··· MATERIAL SHOWN

(* Let $p=(p_1,\dots,p_m)$ and $q=(q_1,\dots,q_m)$ be ordered $m$-tuples of distinct points of $\overline{\mathbf H^n_{\mathbb H}}$, each with the first $i$ points in $\partial\mathbf H^n_{\mathbb H}$ and the remaining points in $\mathbf H^n_{\mathbb H}$, and let $G_1,G_2$ be semi-normalized Gram matrices of lifts of $p$ and $q$, represented by $V_{G_1},V_{G_2}$. Then $p$ and $q$ are congruent under $\mathrm{PSp}(n,1)$ if and only if $O_{V_{G_1}}=O_{V_{G_2}}$.
   Context: Setting: $m\ge4$, $3\le i\le m$; $\mathbb H^{n,1}$ is the right quaternionic space $\mathbb H^{n+1}$ with form $\langle\mathbf z,\mathbf w\rangle=\bar w_{n+1}z_1+\bar w_2z_2+\cdots+\bar w_nz_n+\bar w_1z_{n+1}$; $\mathbf H^n_{\mathbb H}$ and $\partial\mathbf H^n_{\mathbb H}$ are the lines of negative and of nonzero null vectors; $\mathrm{PSp}(n,1)=\mathrm{Sp}(n,1)/\{\pm I\}$ with $\mathrm{Sp}(n,1)$ the form-preserving group; $p,q$ congruent means some $g\in\mathrm{PSp}(n,1)$ has $g(p_k)=q_k$ for all $k$. The Gram matrix of a lift is $g_{kj}=\langle\mathbf p_j,\mathbf p_k\rangle$; it is semi-normalized if $g_{kk}=0$ for $k\le i$, $g_{kk}=-1$ for $k>i$, $g_{1j}=1$ for $2\le j\le i$, $|g_{23}|=1$, and $g_{1j}=r_{1j}>0$ real for $i<j\le m$. It is represented by $V_G=(r_{1(i+1)},\dots,r_{1m},g_{23},\dots,g_{2m},g_{34},\dots,g_{3m},\dots,g_{(m-1)m})$, and $O_V=\{\bar\mu V\mu:\mu\text{ a unit quaternion}\}$ (componentwise). *)

From mathcomp Require Import all_boot all_order all_algebra.
From mathcomp Require Import reals.
Set Implicit Arguments. Unset Strict Implicit. Unset Printing Implicit Defensive.
Import Order.TTheory GRing.Theory Num.Theory.
Local Open Scope ring_scope.

Record quat (R : Type) := Quat { qre : R; qi : R; qj : R; qk : R }.

Section Quaternions.
Variable R : realType.

Definition qzero : quat R := Quat 0 0 0 0.
Definition qone : quat R := Quat 1 0 0 0.
Definition qreal (r : R) : quat R := Quat r 0 0 0.
Definition qadd (x y : quat R) : quat R :=
  Quat (qre x + qre y) (qi x + qi y) (qj x + qj y) (qk x + qk y).
Definition qmul (x y : quat R) : quat R :=
  Quat (qre x * qre y - qi x * qi y - qj x * qj y - qk x * qk y)
       (qre x * qi y + qi x * qre y + qj x * qk y - qk x * qj y)
       (qre x * qj y - qi x * qk y + qj x * qre y + qk x * qi y)
       (qre x * qk y + qi x * qj y - qj x * qi y + qk x * qre y).
Definition qconj (x : quat R) : quat R := Quat (qre x) (- qi x) (- qj x) (- qk x).
Definition qnorm2 (x : quat R) : R := qre x ^+ 2 + qi x ^+ 2 + qj x ^+ 2 + qk x ^+ 2.
Definition qabs (x : quat R) : R := Num.sqrt (qnorm2 x).

Definition qsum (N : nat) (f : 'I_N -> quat R) : quat R := \big[qadd/qzero]_(k < N) f k.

······

TASK »
The lines to set down, exactly and with both ends included, run from the one containing "Definition qone : quat R := Quat 1 0 0 0." to the last line of the data above.

PROBLEM SOLUTION »
Definition qone : quat R := Quat 1 0 0 0.
Definition qreal (r : R) : quat R := Quat r 0 0 0.
Definition qadd (x y : quat R) : quat R :=
  Quat (qre x + qre y) (qi x + qi y) (qj x + qj y) (qk x + qk y).
Definition qmul (x y : quat R) : quat R :=
  Quat (qre x * qre y - qi x * qi y - qj x * qj y - qk x * qk y)
       (qre x * qi y + qi x * qre y + qj x * qk y - qk x * qj y)
       (qre x * qj y - qi x * qk y + qj x * qre y + qk x * qi y)
       (qre x * qk y + qi x * qj y - qj x * qi y + qk x * qre y).
Definition qconj (x : quat R) : quat R := Quat (qre x) (- qi x) (- qj x) (- qk x).
Definition qnorm2 (x : quat R) : R := qre x ^+ 2 + qi x ^+ 2 + qj x ^+ 2 + qk x ^+ 2.
Definition qabs (x : quat R) : R := Num.sqrt (qnorm2 x).

Definition qsum (N : nat) (f : 'I_N -> quat R) : quat R := \big[qadd/qzero]_(k < N) f k.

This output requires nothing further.